It's amazing the difference a hiatus makes in music these days - even David Bowie looks likely to feel its benefits. The explosion online that greeted the announcement of a new album in March and a new track in 'Where Are We Now?' was comfortably loud enough to suffocate the fact that, just over a decade ago, the Thin White Duke was - if not a man on the creative decline - certainly one whose profile was slipping, with 2003 LP Reality doing well initially but fading from view quickly. As did Bowie himself not long after, with health problems and the inevitable march of time apparently giving him a new perspective on life, the famous workaholic finally slowed down.
You just knew there'd be one final word though; Reality was too open-ended, too suggestive that Bowie's well wasn't quite empty yet. If many of the reams of plaudits he's received, over 40+ years of making music, for his innovation and ingenuity came about because of his intuition for picking the merest sparks of a new sonic style or trend and contorting them into his own image (see Ziggy Stardust picking up on glam, teaming up with Iggy Pop before punk broke, trekking to Berlin as Kraftwerk came to the fore), then what you can say about 'Where We You Now?' is that at 66 he's looking no further than introspectively. You'd be hard pushed to picture anyone else writing this song.
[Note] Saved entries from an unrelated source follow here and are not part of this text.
(* Let $\mathbf{f}$ be a simple problem. Then for every subproblem $\mathbf{g}\subseteq\mathbf{f}$, $X^*(\mathbf{g})\subseteq X^*(\mathbf{f})$.
   Context: A problem is a finite set $\mathbf{f}=\{f_1,\dots,f_m\}$ of functions $f_i:\mathbb{R}^n\to\mathbb{R}$ together with a feasible region $X\subseteq\mathbb{R}^n$, to be minimized simultaneously. A subproblem $\mathbf{g}\subseteq\mathbf{f}$ is a subset of these functions (including $\emptyset$ and $\mathbf{f}$), with the same $X$; its evaluation map is $x\mapsto(f_i(x))_{f_i\in\mathbf{g}}\in\mathbb{R}^{|\mathbf{g}|}$. For $x,y\in X$, $x$ $\mathbf{g}$-dominates $y$ if $f_i(x)\le f_i(y)$ for all $f_i\in\mathbf{g}$ and $f_j(x)<f_j(y)$ for some $f_j\in\mathbf{g}$. The Pareto set $X^*(\mathbf{g})$ is the set of $x^*\in X$ not $\mathbf{g}$-dominated by any $x\in X$; by convention $X^*(\emptyset)=\emptyset$. A problem $\mathbf{f}$ is simple if every subproblem $\mathbf{g}\subseteq\mathbf{f}$ with $k=|\mathbf{g}|$ objectives satisfies: (S1) $X^*(\mathbf{g})$ is homeomorphic to $\Delta^{k-1}=\{t\in[0,1]^k:\sum t_i=1\}$ (with $\Delta^{-1}=\emptyset$); (S2) the evaluation map of $\mathbf{g}$ restricted to $X^*(\mathbf{g})$ is a topological embedding into $\mathbb{R}^k$. All sets carry the subspace topology from Euclidean space. *)

From Stdlib Require Import Reals List Arith.
Import ListNotations.
Open Scope R_scope.

Definition Rn (n : nat) : Type := {i : nat | (i < n)%nat} -> R.

Definition ext (k : nat) (t : Rn k) (j : nat) : R :=
  match lt_dec j k with
  | left H => t (exist _ j H)
  | right _ => 0
  end.
Definition coord_sum (k : nat) (t : Rn k) : R :=
  fold_right Rplus 0 (map (ext k t) (seq 0 k)).

(* Standard simplex Delta^{k-1} in R^k (empty when k = 0). *)
Definition simplex (k : nat) (t : Rn k) : Prop :=
  (forall j, 0 <= t j <= 1) /\ coord_sum k t = 1.

(* Subspace topology from Euclidean space. We use sup-norm balls
   (forall i, |x i - y i| < eps), which generate the Euclidean topology. *)
Definition near {n : nat} (x y : Rn n) (eps : R) : Prop :=
  forall i, Rabs (x i - y i) < eps.

Definition continuous_on {a b : nat} (A : Rn a -> Prop) (h : Rn a -> Rn b) : Prop :=
  forall x, A x -> forall eps, eps > 0 ->
    exists delta, delta > 0 /\
      forall y, A y -> near x y delta -> near (h x) (h y) eps.

Definition homeomorphic {a b : nat} (A : Rn a -> Prop) (B : Rn b -> Prop) : Prop :=
  exists (h : Rn a -> Rn b) (g : Rn b -> Rn a),
    (forall x, A x -> B (h x)) /\
    (forall y, B y -> A (g y)) /\
    (forall x, A x -> g (h x) = x) /\
    (forall y, B y -> h (g y) = y) /\
    continuous_on A h /\ continuous_on B g.

Definition embedding_on {a b : nat} (A : Rn a -> Prop) (e : Rn a -> Rn b) : Prop :=
  (forall x y, A x -> A y -> e x = e y -> x = y) /\
  continuous_on A e /\
  (forall x, A x -> forall eps, eps > 0 ->
     exists delta, delta > 0 /\
       forall y, A y -> near (e x) (e y) delta -> near x y eps).

(* A problem: objectives f 0, ..., f (m-1) : R^n -> R (pairwise distinct, so
   that they form a set of m functions) and feasible region X.
   A subproblem is a finite subset of the objectives, given by a duplicate-free
   list l of indices < m (any enumeration of the subset). *)
Definition subproblem (m : nat) (l : list nat) : Prop :=
  NoDup l /\ forall i, In i l -> (i < m)%nat.

Definition dominates {n : nat} (f : nat -> Rn n -> R) (l : list nat)
  (x y : Rn n) : Prop :=
  (forall i, In i l -> f i x <= f i y) /\ (exists j, In j l /\ f j x < f j y).

(* Pareto set X*(g); by convention X*(empty) = empty. *)
Definition pareto {n : nat} (f : nat -> Rn n -> R) (X : Rn n -> Prop)
  (l : list nat) (x : Rn n) : Prop :=
  l <> [] /\ X x /\ ~ (exists y, X y /\ dominates f l y x).

Definition eval_map {n : nat} (f : nat -> Rn n -> R) (l : list nat)
  (x : Rn n) : Rn (length l) :=
  fun j => f (nth (proj1_sig j) l 0%nat) x.

Definition simple_problem {n : nat} (m : nat) (f : nat -> Rn n -> R)
  (X : Rn n -> Prop) : Prop :=
  forall l, subproblem m l ->
    homeomorphic (pareto f X l) (simplex (length l)) /\
    embedding_on (pareto f X l) (eval_map f l).

(* If some y dominated x for the whole problem while x is Pareto optimal for
   the subproblem g, then y could not improve any objective of g, so y agrees
   with x on g and is itself g-Pareto optimal.  The evaluation map of g is
   injective on X*(g) by (S2), hence y = x, contradicting the strict
   improvement.  Only injectivity from (S2) is used. *)
From Stdlib Require Import Reals List Arith Lra Lia FunctionalExtensionality.
Import ListNotations.

Section ParetoInclusion.

Variables (n : nat) (f : nat -> Rn n -> R) (X : Rn n -> Prop).

Lemma nondominated_weak_improvement_eq (l l' : list nat) (x y : Rn n) :
  incl l l' -> ~ (exists z, X z /\ dominates f l z x) -> X y ->
  (forall i, In i l' -> f i y <= f i x) ->
  forall i, In i l -> f i y = f i x.
Proof.
  intros Hincl Hnd HY Hle i Hi.
  destruct (Rle_lt_or_eq_dec _ _ (Hle i (Hincl i Hi))) as [Hlt | Heq]; auto.
  exfalso; apply Hnd; exists y; split; [exact HY | split].
  - intros k Hk; apply Hle, Hincl, Hk.
  - exists i; auto.
Qed.

Lemma pareto_eq_on (l : list nat) (x y : Rn n) :
  pareto f X l x -> X y -> (forall i, In i l -> f i y = f i x) ->
  pareto f X l y.
Proof.
  intros [Hne [_ Hnd]] HY Heq; repeat split; auto.
  intros [z [HZ [Hzl [k [Hk Hzk]]]]].
  apply Hnd; exists z; repeat split; auto.
  - intros i Hi; rewrite <- Heq by exact Hi; auto.
  - exists k; rewrite <- Heq by exact Hk; auto.
Qed.

Lemma eval_map_eq_on (l : list nat) (x y : Rn n) :
  (forall i, In i l -> f i x = f i y) -> eval_map f l x = eval_map f l y.
Proof.
  intros Heq; apply functional_extensionality; intros [k Hk].
  apply Heq, nth_In, Hk.
Qed.

Lemma pareto_incl (l l' : list nat) :
  incl l l' ->
  (forall x y, pareto f X l x -> pareto f X l y ->
     eval_map f l x = eval_map f l y -> x = y) ->
  forall x, pareto f X l x -> pareto f X l' x.
Proof.
  intros Hincl Hinj x Hpx.
  pose proof Hpx as [Hne [HX Hnd]].
  split; [| split; [exact HX |]].
  - destruct l as [|a l]; [congruence|].
    intros ->; exact (Hincl a (or_introl eq_refl)).
  - intros [y [HY [Hle [j [Hj Hlt]]]]].
    assert (Heq := nondominated_weak_improvement_eq l l' x y Hincl Hnd HY Hle).
    assert (y = x) as ->.
    { apply Hinj; [exact (pareto_eq_on l x y Hpx HY Heq) | exact Hpx |].
      apply eval_map_eq_on, Heq. }
    lra.
Qed.

End ParetoInclusion.

Theorem proposition3 (n m : nat) (f : nat -> Rn n -> R) (X : Rn n -> Prop)
  (Hdistinct : forall i j, (i < m)%nat -> (j < m)%nat -> f i = f j -> i = j)
  (Hsimple : simple_problem m f X) :
  forall l, subproblem m l ->
  forall x, pareto f X l x -> pareto f X (seq 0 m) x.
Proof.
  intros l Hl.
  apply pareto_incl.
  - intros i Hi; apply in_seq; split; [lia | exact (proj2 Hl i Hi)].
  - exact (proj1 (proj2 (Hsimple l Hl))).
Qed.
'Where Are We Now?' is a wistful, melancholic - though not downcast - ballad that lyrically appears to recall Bowie's time spent in Berlin (although apparently recorded in New York, with Berlin Trilogy producer Tony Visconti). It's a gracefully cinematic piece that puts his unique vocal at its fulcrum. Bowie sounds like Bowie should at 66 - his voice is thinner, it cracks a little, but from those fissions weep the longing and reflection that shapes the track's mood. Whilst others among the old guard like The Rolling Stones, still talk dirty in a desperate attempt to convince that we're still getting them at their testosterone-fuelled best, this is a track that maintains the hallmarks of its creator's canon - lyrical signposts, themes that are never fully decoded, questions that open up more questions - but transfigures them to the here and now. And for David Bowie, the here and now would appear to be just as enriching as it always was.